Nutrition for osteochondrosis

A balanced diet and proper fluid intake ensure normal blood supply and nutrition to the vertebrae and, consequently, the cartilage discs.As a result, metabolism and energy are normalized, and harmful products do not accumulate.

Basic principles:

  1. Daily calorie content, calculated individually, taking into account height, age, gender.

    For patients who are overweight or obese, caloric intake should be limited.
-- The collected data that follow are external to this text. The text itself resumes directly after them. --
(* Let $(C,\mathfrak p,\mathfrak d)$ be a regular $q$-cycle coalgebra with $\mathfrak p_{11}^1\ne0$. Then $\mathfrak d=\mathfrak p$, $\mathfrak p_{j0}^1=\delta_{j1}$ for all $j$, and $\mathfrak p$ depends only on $\mathfrak p_{1k}^1$, $k=1,\dots,n-1$, via the recursive formulas (all indices in $\{0,\dots,n-1\}$): $$\mathfrak p_{j1}^1\mathfrak p_{11}^1=\mathfrak p_{11}^1\sum_{a=0}^{j-1}\mathfrak p_{1a}^1\mathfrak p_{1,j-a}^1-\sum_{l=2}^{j}l\,\mathfrak p_{j-l+1,1}^1\mathfrak p_{1l}^1\quad\text{for }j>1;$$ $$(i+j-1)\mathfrak p_{11}^1\,\mathfrak p_{ij}^1=\sum_{\substack{a+b=j\\ 1\le h\le i\\ (a,h)\ne(j,1)}}\mathfrak p_{ia}^h\mathfrak p_{1b}^1\mathfrak p_{h1}^1-\sum_{\substack{c+d=1\\ 1\le h\le i\\ 1\le l\le j\\ (h,l)\ne(i,j)}}\mathfrak p_{ic}^h\mathfrak p_{jd}^l\mathfrak p_{hl}^1\quad\text{for }i,j>1;$$ $$\mathfrak p_{jk}^l=\sum_{\substack{j_1+j_2=j\\ k_1+k_2=k\\ j_1+k_1\ge1\\ j_2+k_2\ge l-1}}\mathfrak p_{j_1k_1}^1\mathfrak p_{j_2k_2}^{l-1}\quad\text{for }l>1.$$
   Context: $K$ is an algebraically closed field of characteristic $0$ and $n\ge2$. $C$ is the coalgebra dual to $K[y]/\langle y^n\rangle$: basis $x_0,\dots,x_{n-1}$, $\Delta(x_i)=\sum_{j+k=i}x_j\otimes x_k$, $\epsilon(x_i)=\delta_{i0}$; $C\otimes C$ has the tensor product coalgebra structure; Sweedler notation $\Delta(b)=b_{(1)}\otimes b_{(2)}$. For linear maps $\mathfrak p,\mathfrak d\colon C\otimes C\to C$ write $a\cdot b=\mathfrak p(a\otimes b)$, $a:b=\mathfrak d(a\otimes b)$, $\mathfrak p(x_i\otimes x_j)=\sum_{k=0}^{n-1}\mathfrak p_{ij}^kx_k$, $\mathfrak d(x_i\otimes x_j)=\sum_{k=0}^{n-1}\mathfrak d_{ij}^kx_k$, with the convention $\mathfrak p_{ij}^k=\mathfrak d_{ij}^k=0$ if $k\ge n$, $i<0$ or $j<0$; sums over $a+b=j$, $c+d=1$ etc. range over nonnegative integers. A triple $(C,\mathfrak p,\mathfrak d)$ with $\mathfrak p,\mathfrak d$ coalgebra morphisms is a regular $q$-magma coalgebra if there are coalgebra morphisms $a\otimes b\mapsto a^b$, $a\otimes b\mapsto a_b$ from $C\otimes C$ to $C$ with $a^{b_{(1)}}\cdot b_{(2)}=(a\cdot b_{(1)})^{b_{(2)}}=\epsilon(b)a$ and $(a:b_{(2)})_{b_{(1)}}=a_{b_{(2)}}:b_{(1)}=\epsilon(b)a$. It is a regular $q$-cycle coalgebra if moreover for all $a,b,c$: (1) $(a\cdot b_{(1)})\cdot(c:b_{(2)})=(a\cdot c_{(2)})\cdot(b\cdot c_{(1)})$; (2) $(a\cdot b_{(1)}):(c\cdot b_{(2)})=(a:c_{(2)})\cdot(b:c_{(1)})$; (3) $(a:b_{(1)}):(c:b_{(2)})=(a:c_{(2)}):(b\cdot c_{(1)})$. *)

From HB Require Import structures.
From mathcomp Require Import all_boot all_order all_algebra.
Set Implicit Arguments. Unset Strict Implicit. Unset Printing Implicit Defensive.
Import GRing.Theory.
Local Open Scope ring_scope.

(* C = dual coalgebra of K[y]/<y^n>, basis x_0..x_{n-1}.
   A linear map f : C (x) C -> C is given by its structure constants
   f i j k = f_{ij}^k, i.e. f(x_i (x) x_j) = sum_k f_{ij}^k x_k. *)
Definition coefs (K : Type) (n : nat) := 'I_n -> 'I_n -> 'I_n -> K.

(* Extended structure constants on nat indices: 0 when an index is >= n. *)
Definition cf (K : nzRingType) (n : nat) (f : coefs K n) (i j k : nat) : K :=
  match @insub _ (fun m => m < n)%N 'I_n i,
        @insub _ (fun m => m < n)%N 'I_n j,
        @insub _ (fun m => m < n)%N 'I_n k with
  | Some a, Some b, Some c => f a b c
  | _, _, _ => 0
  end.

(* f : C (x) C -> C is a coalgebra morphism (C (x) C with tensor coalgebra
   structure):  Delta o f = (f (x) f) o Delta_{C(x)C}  and  eps o f = eps (x) eps. *)
Definition coalg_mor (K : nzRingType) (n : nat) (f : coefs K n) : Prop :=
  (forall (i j u v : 'I_n),
      cf f i j (u + v) =
      \sum_(i1 < i.+1) \sum_(j1 < j.+1) cf f i1 j1 u * cf f (i - i1) (j - j1) v)
  /\ (forall (i j : 'I_n), cf f i j 0 = ((i == 0%N :> nat) && (j == 0%N :> nat))%:R).

(* Regular q-magma coalgebra: coalgebra morphisms L (a (x) b |-> a^b) and
   R (a (x) b |-> a_b) with
   a^{b(1)} . b(2) = (a . b(1))^{b(2)} = eps(b) a and
   (a : b(2))_{b(1)} = a_{b(2)} : b(1) = eps(b) a. *)
Definition regular_q_magma (K : nzRingType) (n : nat) (p d : coefs K n) : Prop :=
  coalg_mor p /\ coalg_mor d /\
  exists L R : coefs K n, coalg_mor L /\ coalg_mor R /\
   forall (i j k : 'I_n),
   [/\ \sum_(j1 < j.+1) \sum_(m < n) cf L i j1 m * cf p m (j - j1) k
         = ((j == 0%N :> nat) && (i == k))%:R,
       \sum_(j1 < j.+1) \sum_(m < n) cf p i j1 m * cf L m (j - j1) k
         = ((j == 0%N :> nat) && (i == k))%:R,
       \sum_(j1 < j.+1) \sum_(m < n) cf d i (j - j1) m * cf R m j1 k
         = ((j == 0%N :> nat) && (i == k))%:R &
       \sum_(j1 < j.+1) \sum_(m < n) cf R i (j - j1) m * cf d m j1 k
         = ((j == 0%N :> nat) && (i == k))%:R].

(* Regular q-cycle coalgebra: additionally identities (1)-(3), evaluated on
   a = x_i, b = x_j, c = x_k and compared at coefficient x_r. *)
Definition regular_q_cycle (K : nzRingType) (n : nat) (p d : coefs K n) : Prop :=
  regular_q_magma p d /\
  forall (i j k r : 'I_n),
  [/\ (* (1) (a.b(1)).(c:b(2)) = (a.c(2)).(b.c(1)) *)
      \sum_(j1 < j.+1) \sum_(m < n) \sum_(m' < n)
         cf p i j1 m * cf d k (j - j1) m' * cf p m m' r
      = \sum_(k1 < k.+1) \sum_(m < n) \sum_(m' < n)
         cf p i (k - k1) m * cf p j k1 m' * cf p m m' r,
      (* (2) (a.b(1)):(c.b(2)) = (a:c(2)).(b:c(1)) *)
      \sum_(j1 < j.+1) \sum_(m < n) \sum_(m' < n)
         cf p i j1 m * cf p k (j - j1) m' * cf d m m' r
      = \sum_(k1 < k.+1) \sum_(m < n) \sum_(m' < n)
         cf d i (k - k1) m * cf d j k1 m' * cf p m m' r &
      (* (3) (a:b(1)):(c:b(2)) = (a:c(2)):(b.c(1)) *)
      \sum_(j1 < j.+1) \sum_(m < n) \sum_(m' < n)
         cf d i j1 m * cf d k (j - j1) m' * cf d m m' r
      = \sum_(k1 < k.+1) \sum_(m < n) \sum_(m' < n)
         cf d i (k - k1) m * cf p j k1 m' * cf d m m' r].

From HB Require Import structures.
From mathcomp Require Import all_boot all_order all_algebra.
From mathcomp Require Import zify ring.
From Stdlib Require Import FunctionalExtensionality.
Set Implicit Arguments. Unset Strict Implicit. Unset Printing Implicit Defensive.
Import GRing.Theory.
Local Open Scope ring_scope.

(** Dually, a coalgebra morphism [f : C (x) C -> C] is an algebra map
    [K[y]/(y^n) -> K[y1,y2]/(y1^n,y2^n)], determined by
    [F = f(y) = sum f_ij^1 y1^i y2^j], and [f_ij^l] is the coefficient of [y1^i y2^j] in [F^l].
    Nilpotency of [F] forces [f_00^1 = 0].  If moreover [f_10^1 <> 0] in characteristic 0,
    then [F] has no pure [y2]-terms, for otherwise the first one, [r y2^m], would give [F^n]
    the nonzero coefficient [n (f_10^1)^(n-1) r] at [y1^(n-1) y2^m]; such an [f] is then
    determined by its level-one constants.
    Regularity gives [p_10^1, d_10^1 <> 0].  Identity (1) with [c = x_0] says that
    [y |-> p(y,0)] fixes the series [sum p_1m^1 y^m], whose linear coefficient [p_11^1] is
    nonzero; hence [p(y,0) = y].  Comparing identities (1) and (2) at level one then yields
    [(k + m - 1) p_11^1 (p_km^1 - d_km^1) = 0], so [p] and [d] agree at level one by induction,
    whence [d = p].  The recursions are identity (1) at level one and the comultiplicativity
    of [p]. *)

Section NatSums.
Variable R : zmodType.
Implicit Types F : nat -> R.

Lemma big1_nat m N F : (forall i, (m <= i < N)%N -> F i = 0) -> \sum_(m <= i < N) F i = 0.
Proof. by move=> F0; rewrite big_nat_cond big1 // => i /andP[/F0]. Qed.

Lemma big_nat_single m a N F : (m <= a < N)%N ->
  (forall i, (m <= i < N)%N -> i != a -> F i = 0) -> \sum_(m <= i < N) F i = F a.
Proof.
move=> Ha F0; rewrite (bigD1_seq a) ?mem_index_iota ?iota_uniq //= big1_seq ?addr0 //.
by move=> i /andP[ia]; rewrite mem_index_iota => /F0; apply.
Qed.

Lemma big_nat_restrict lo hi N F : (lo <= hi <= N)%N ->
  (forall a, (a < N)%N -> ~~ (lo <= a < hi)%N -> F a = 0) ->
  \sum_(0 <= a < N) F a = \sum_(lo <= a < hi) F a.
Proof.
move=> /andP[H1 H2] F0.
rewrite (big_cat_nat (leq0n lo) (leq_trans H1 H2)) /= big1_nat ?add0r; last first.
  by move=> a /andP[_ Ha]; apply: F0; lia.
rewrite (big_cat_nat H1 H2) /= [X in _ + X]big1_nat ?addr0 //.
by move=> a /andP[Ha1 Ha2]; apply: F0; lia.
Qed.

Lemma big_nat2_except (F : nat -> nat -> R) a0 a1 b0 b1 x y :
  (a0 <= x < a1)%N -> (b0 <= y < b1)%N ->
  \sum_(a0 <= a < a1) \sum_(b0 <= b < b1 | (a, b) != (x, y)) F a b
  = \sum_(a0 <= a < a1) \sum_(b0 <= b < b1) F a b - F x y.
Proof.
move=> Hx Hy; apply/eqP; rewrite eq_sym subr_eq; apply/eqP.
have -> : F x y = \sum_(a0 <= a < a1) (if a == x then F x y else 0).
  by rewrite (big_nat_single Hx) ?eqxx // => a _ /negPf->.
rewrite -big_split /=; apply: eq_bigr => a _.
rewrite [LHS](bigID (fun b => (a, b) != (x, y))) /=; congr (_ + _).
rewrite big_mkcond (big_nat_single Hy) /=; last first.
  by move=> b _ nby; rewrite xpair_eqE (negPf nby) andbF.
by rewrite xpair_eqE eqxx andbT; case: eqP => [->|].
Qed.

Lemma big_mkord3 a b c (F : nat -> nat -> nat -> R) :
  \sum_(0 <= x < a) \sum_(0 <= y < b) \sum_(0 <= z < c) F x y z
  = \sum_(x < a) \sum_(y < b) \sum_(z < c) F x y z.
Proof.
rewrite big_mkord; apply: eq_bigr => x _; rewrite big_mkord.
by apply: eq_bigr => y _; rewrite big_mkord.
Qed.

End NatSums.

(** * Coalgebra morphisms [C (x) C -> C] *)

Section CoalgebraMorphism.
Variables (K : idomainType) (n : nat).
Hypothesis n_gt1 : (1 < n)%N.
Implicit Types f g : coefs K n.

Lemma cf_out f i j k : (n <= i)%N || (n <= j)%N || (n <= k)%N -> cf f i j k = 0.
Proof.
rewrite /cf; case: insubP => [a Ha _|//]; case: insubP => [b Hb _|//].
by case: insubP => [c Hc _|//]; rewrite (leqNgt n i) (leqNgt n j) (leqNgt n k) Ha Hb Hc.
Qed.

Lemma cf_ord f (i j k : 'I_n) : cf f i j k = f i j k.
Proof. by rewrite /cf !valK. Qed.

Lemma cf_levelD f : coalg_mor f -> forall i j u v,
  (i < n)%N -> (j < n)%N -> (u < n)%N -> (v < n)%N ->
  cf f i j (u + v) = \sum_(0 <= i1 < i.+1) \sum_(0 <= j1 < j.+1)
       cf f i1 j1 u * cf f (i - i1) (j - j1) v.
Proof.
move=> [fD _] i j u v Hi Hj Hu Hv.
rewrite (fD (Ordinal Hi) (Ordinal Hj) (Ordinal Hu) (Ordinal Hv)) /= big_mkord.
by apply: eq_bigr => i1 _; rewrite big_mkord.
Qed.

Lemma cf_level0 f : coalg_mor f -> forall i j, cf f i j 0 = ((i == 0%N) && (j == 0%N))%:R.
Proof.
move=> [_ f0] i j.
case: (ltnP i n) => Hi; last by rewrite cf_out ?Hi //; case: eqP => //; lia.
case: (ltnP j n) => Hj; last by rewrite cf_out ?Hj ?orbT // andbC; case: eqP => //; lia.
exact: (f0 (Ordinal Hi) (Ordinal Hj)).
Qed.

Section Morphism.
Variable f : coefs K n.
Hypothesis Hf : coalg_mor f.

Lemma cf00_level1 : cf f 0 0 1 = 0.
Proof.
have pow l : (0 < l < n)%N -> cf f 0 0 l = cf f 0 0 1 ^+ l.
  elim: l => [//|[|l] IH] /andP[_ Hl]; first by rewrite expr1.
  rewrite -add1n (cf_levelD Hf); try lia.
  by rewrite !big_nat1 IH ?exprS //; lia.
have : cf f 0 0 (1 + n.-1) = 0 by rewrite cf_out //; apply/orP; right; lia.
rewrite (cf_levelD Hf); try lia.
rewrite !big_nat1 subnn (pow n.-1); last by lia.
rewrite -exprS prednK; last by lia.
by move/eqP; rewrite expf_eq0 => /andP[_ /eqP].
Qed.

Lemma cf_deg_lt_level l i j : (i + j < l)%N -> cf f i j l = 0.
Proof.
elim: l i j => [//|l IH] i j H.
case: (ltnP l.+1 n) => Hl; last by rewrite cf_out // Hl !orbT.
case: (ltnP i n) => Hi; last by rewrite cf_out // Hi.
case: (ltnP j n) => Hj; last by rewrite cf_out // Hj orbT.
rewrite -add1n (cf_levelD Hf) //; try lia.
apply: big1_nat => i1 /andP[_ Hi1]; apply: big1_nat => j1 /andP[_ Hj1].
case: (boolP ((i1 == 0%N) && (j1 == 0%N))) => [/andP[/eqP-> /eqP->]|Hne].
  by rewrite cf00_level1 mul0r.
by rewrite IH ?mulr0 //; lia.
Qed.

Lemma cf_diag_right0 l : (l < n)%N -> cf f l 0 l = cf f 1 0 1 ^+ l.
Proof.
elim: l => [_|l IH Hl]; first by rewrite (cf_level0 Hf) expr0.
rewrite -add1n (cf_levelD Hf); try lia.
rewrite (@big_nat_single _ 0 1 l.+2) /=; try lia.
  by rewrite big_nat1 subn1 /= IH ?exprS //; lia.
move=> i1 Hi1 Hne; rewrite big_nat1.
case: (i1 =P 0%N) => [->|Hi0]; first by rewrite cf00_level1 mul0r.
by rewrite (cf_deg_lt_level (l := l)) ?mulr0 //; lia.
Qed.

Section PureY2Terms.
Variable m : nat.
Hypothesis m_gt0 : (0 < m)%N.
Hypothesis cf0_below : forall j, (j < m)%N -> cf f 0 j 1 = 0.

(* With [y1] of weight [m] and [y2] of weight 1, [F] has weight at least [m],
   so [F^l] has no monomial [y1^i y2^j] of weight [m i + j < m l]. *)
Lemma cf_weighted_deg_lt_level l i j :
  (l < n)%N -> (i < l)%N -> (j < m * (l - i))%N -> cf f i j l = 0.
Proof.
elim: l i j => [//|l IH] i j Hl Hi Hj.
case: (ltnP j n) => Hjn; last by rewrite cf_out // Hjn orbT.
rewrite -add1n (cf_levelD Hf); try lia.
apply: big1_nat => i1 /andP[_ Hi1]; apply: big1_nat => j1 /andP[_ Hj1].
case: (i1 =P 0%N) => [->|Hi0].
- case: (ltnP j1 m) => Hj1m; first by rewrite cf0_below // mul0r.
  have Hil : (i < l)%N.
    case: (ltnP i l) => // Hil; have E : (l.+1 - i = 1)%N by lia.
    by move: Hj; rewrite E muln1; lia.
  have E : (m * (l.+1 - i) = m + m * (l - i))%N by rewrite subSn ?mulnS.
  by rewrite subn0 IH ?mulr0 //; lia.
- have : (m * (l.+1 - i) <= m * (l - (i - i1)))%N by rewrite leq_mul2l; lia.
  by move=> Hle; rewrite IH ?mulr0 //; lia.
Qed.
  2. Drinking regime– drink pure water, mineral water and herbal teas in a volume of at least 1 liter per day, ideally at the rate of 30 ml/kg body weight.

  3. Daily use:

    • whole grain products (buckwheat, millet, oats);
    • sufficient amount of protein (taking into account age and kidney function): animal - lean beef, chicken, turkey, rabbit, chicken egg (4-5 pieces per week);vegetable - beans, lentils, peas;
    • healthy fats containing mono- and polyunsaturated fatty acids (fish, seafood, unrefined vegetable oils, unroasted and unsalted nuts, seeds);
    • vegetables (both fresh and cooked), lettuce, herbs and leafy greens;
    • berries - blueberries, blackberries, raspberries, cherries.
  4. Exclusion from the diet:

    • white bread and bakery products made from premium flour;
    • sugar, industrial sweets - candies, cakes, cookies, gingerbread, waffles;
    • industrial drinks with added sugar - carbonated water, packaged juices;
    • processed meat products - sausages, sausages, canned food.